In most states, yes — the entity operating a real estate brokerage must have a licensed broker of record, and that individual must hold an active, unrestricted broker's license in the relevant state. Some buyers designate a licensed partner or employee as the broker of record rather than obtaining a license themselves, but this must be arranged before closing. SBA lenders may require proof of licensure as a condition of loan funding. If you don't currently hold a broker's license, begin the application process immediately upon LOI execution, as state processing times can range from 60–120 days depending on your state.

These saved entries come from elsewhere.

(* Let $R$ be a commutative ring and let $a(x),b(x)\in R[[x]]$ be formal power series. For every integer $k\ge0$ with binary expansion $k=\sum_{j\ge0}d_j2^j$ ($d_j\in\{0,1\}$, almost all zero), set $$\dot f_k(x)=\prod_{j\ge0,\ d_j=1}\bigl(1-x^{2^j}\bigr),\qquad f_k(x)=\prod_{j\ge0,\ d_j=0}\bigl(1+x^{2^j}\bigr)\in R[[x]],\qquad \sigma_k=(-1)^{\sum_j d_j}.$$ Then $$a(x)\,b(x)=\sum_{k=0}^{\infty}f_k(x)\cdot\Bigl(\bigl(\sigma_k\,f_k(x)\,x^k\bigr)\odot\bigl(\dot f_k(x)\,a(x)\bigr)\odot\bigl(\dot f_k(x)\,b(x)\bigr)\Bigr).$$
   Context: For formal power series $P=\sum_i p_ix^i$ and $Q=\sum_i q_ix^i$, the termwise product is $P\odot Q=\sum_i p_iq_ix^i$. The infinite product defining $f_k$ converges in $R[[x]]$ (for $k=0$ it equals $\frac{1}{1-x}=\sum_{i\ge0}x^i$). In the formula, ordinary products are computed first, then the termwise products, and the result is multiplied (ordinary product) by $f_k(x)$; the infinite sum converges formally since the $k$-th summand has order at least $k$. *)

From mathcomp Require Import all_boot all_order all_algebra.
Set Implicit Arguments. Unset Strict Implicit. Unset Printing Implicit Defensive.
Import GRing.Theory.
Local Open Scope ring_scope.

Section FPS.
Variable R : comPzRingType.

Definition fps := nat -> R.

Definition fps_mul (a b : fps) : fps :=
  fun n => \sum_(i < n.+1) a i * b (n - i)%N.
Definition fps_had (a b : fps) : fps := fun n => a n * b n.
Definition fps_one : fps := fun n => (n == 0)%:R.
Definition fps_Xn (m : nat) : fps := fun n => (n == m)%:R.
Definition fps_scale (c : R) (a : fps) : fps := fun n => c * a n.
Definition fps_1pXn (m : nat) : fps := fun n => (n == 0)%:R + (n == m)%:R.
Definition fps_1mXn (m : nat) : fps := fun n => (n == 0)%:R - (n == m)%:R.
Definition fps_prod (s : seq fps) : fps := foldr fps_mul fps_one s.

Definition bit (k j : nat) : bool := odd (k %/ 2 ^ j).

(* \dot f_k = prod_{j, d_j = 1} (1 - x^(2^j)); all d_j with j > k vanish *)
Definition fdot (k : nat) : fps :=
  fps_prod [seq fps_1mXn (2 ^ j) | j <- iota 0 k.+1 & bit k j].

(* f_k = prod_{j, d_j = 0} (1 + x^(2^j)) (infinite product).  Its n-th
   coefficient is the (stable) n-th coefficient of the partial products:
   factors with j > n are = 1 modulo x^(n+1), so the partial product over
   j <= n already has the limiting n-th coefficient. *)
Definition f (k : nat) : fps :=
  fun n => fps_prod [seq fps_1pXn (2 ^ j) | j <- iota 0 n.+1 & ~~ bit k j] n.

Definition sigma (k : nat) : R :=
  (-1) ^+ (count (bit k) (iota 0 k.+1)).

(* formal (coefficientwise, x-adic) convergence of an infinite sum:
   every coefficient of the partial sums is eventually equal to that of s *)
Definition fps_sums (T : nat -> fps) (s : fps) : Prop :=
  forall n, exists N, forall M, (N <= M)%N -> \sum_(k < M) T k n = s n.

Definition summand (a b : fps) (k : nat) : fps :=
  fps_mul (f k)
    (fps_had (fps_had (fps_scale (sigma k) (fps_mul (f k) (fps_Xn k)))
                      (fps_mul (fdot k) a))
             (fps_mul (fdot k) b)).

End FPS.

(* Split series by parity, a = a0(x^2) + x a1(x^2).  Doubling k shifts its
   binary digits, so f_{2k} = (1+x) f_k(x^2), f_{2k+1} = f_k(x^2),
   fdot_{2k} = fdot_k(x^2), fdot_{2k+1} = (1-x) fdot_k(x^2),
   sigma_{2k} = sigma_k and sigma_{2k+1} = -sigma_k.  Hence the summands of
   index 2k and 2k+1 for (a, b) are expressed, at x^2, through the summands of
   index k for (a0, b0), (a1, b1) and (a1 - a0, b1 - b0).  The k-th summand
   has order at least k, so the n-th coefficient of the sum is a finite sum,
   and strong induction on n reduces the claim to
   a b = (a0 b0)(x^2) + x^2 (a1 b1)(x^2)
         + x (a0 b0 + a1 b1 - (a1 - a0) (b1 - b0))(x^2). *)

From mathcomp Require Import all_boot all_order all_algebra.
From mathcomp Require Import zify ring.
From Stdlib Require Import FunctionalExtensionality.
Set Implicit Arguments. Unset Strict Implicit. Unset Printing Implicit Defensive.
Import GRing.Theory.

Variant half_spec : nat -> Type :=
  | HalfDouble m : half_spec m.*2
  | HalfDoubleS m : half_spec m.*2.+1.

Lemma halfP n : half_spec n.
Proof. by rewrite -[n]odd_double_half; case: (odd n); constructor. Qed.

Earnouts are standard in brokerage acquisitions because the primary value of the business — the agent roster — consists of independent contractors who can leave at any time. A buyer who pays full price at closing and then loses the top three producers within six months has dramatically overpaid. A well-structured earnout ties 15–30% of the total purchase price to post-closing performance, typically measured over 12–24 months, using two metrics: agent retention (do the key producers stay?) and GCI performance (does the brokerage maintain its revenue baseline?). The seller is motivated to facilitate a smooth transition because their earnout depends on it, which aligns incentives during the most critical post-close period.
Yes, real estate brokerages are SBA 7(a) eligible, and SBA financing is the most common deal structure for acquisitions in the $1M–$5M revenue range. SBA lenders will typically fund 75–85% of the purchase price, with the remaining equity gap filled by a buyer down payment and potentially a seller note. The key underwriting challenge is demonstrating sufficient debt service coverage from normalized brokerage earnings — after removing owner production income — with a minimum 1.25x coverage ratio. Lenders will scrutinize agent concentration risk and may require the buyer to document a retention plan for top producers as a condition of loan approval.
The most effective protections include: (1) structuring a seller earnout tied to agent retention so the seller is financially motivated to facilitate a smooth transition; (2) negotiating retention bonuses for the top 3–5 producers payable 6–12 months post-close contingent on continued active production; (3) ensuring all agents have current, signed independent contractor agreements on file before closing; (4) having the seller personally introduce and endorse the buyer in agent meetings at closing; and (5) including non-solicitation provisions in the seller's non-compete that prohibit the seller from recruiting agents to a competing brokerage after the sale. No structure eliminates attrition risk entirely, which is why buyers should underwrite the deal assuming some agent turnover and ensure the business is profitable even if 1–2 producers depart.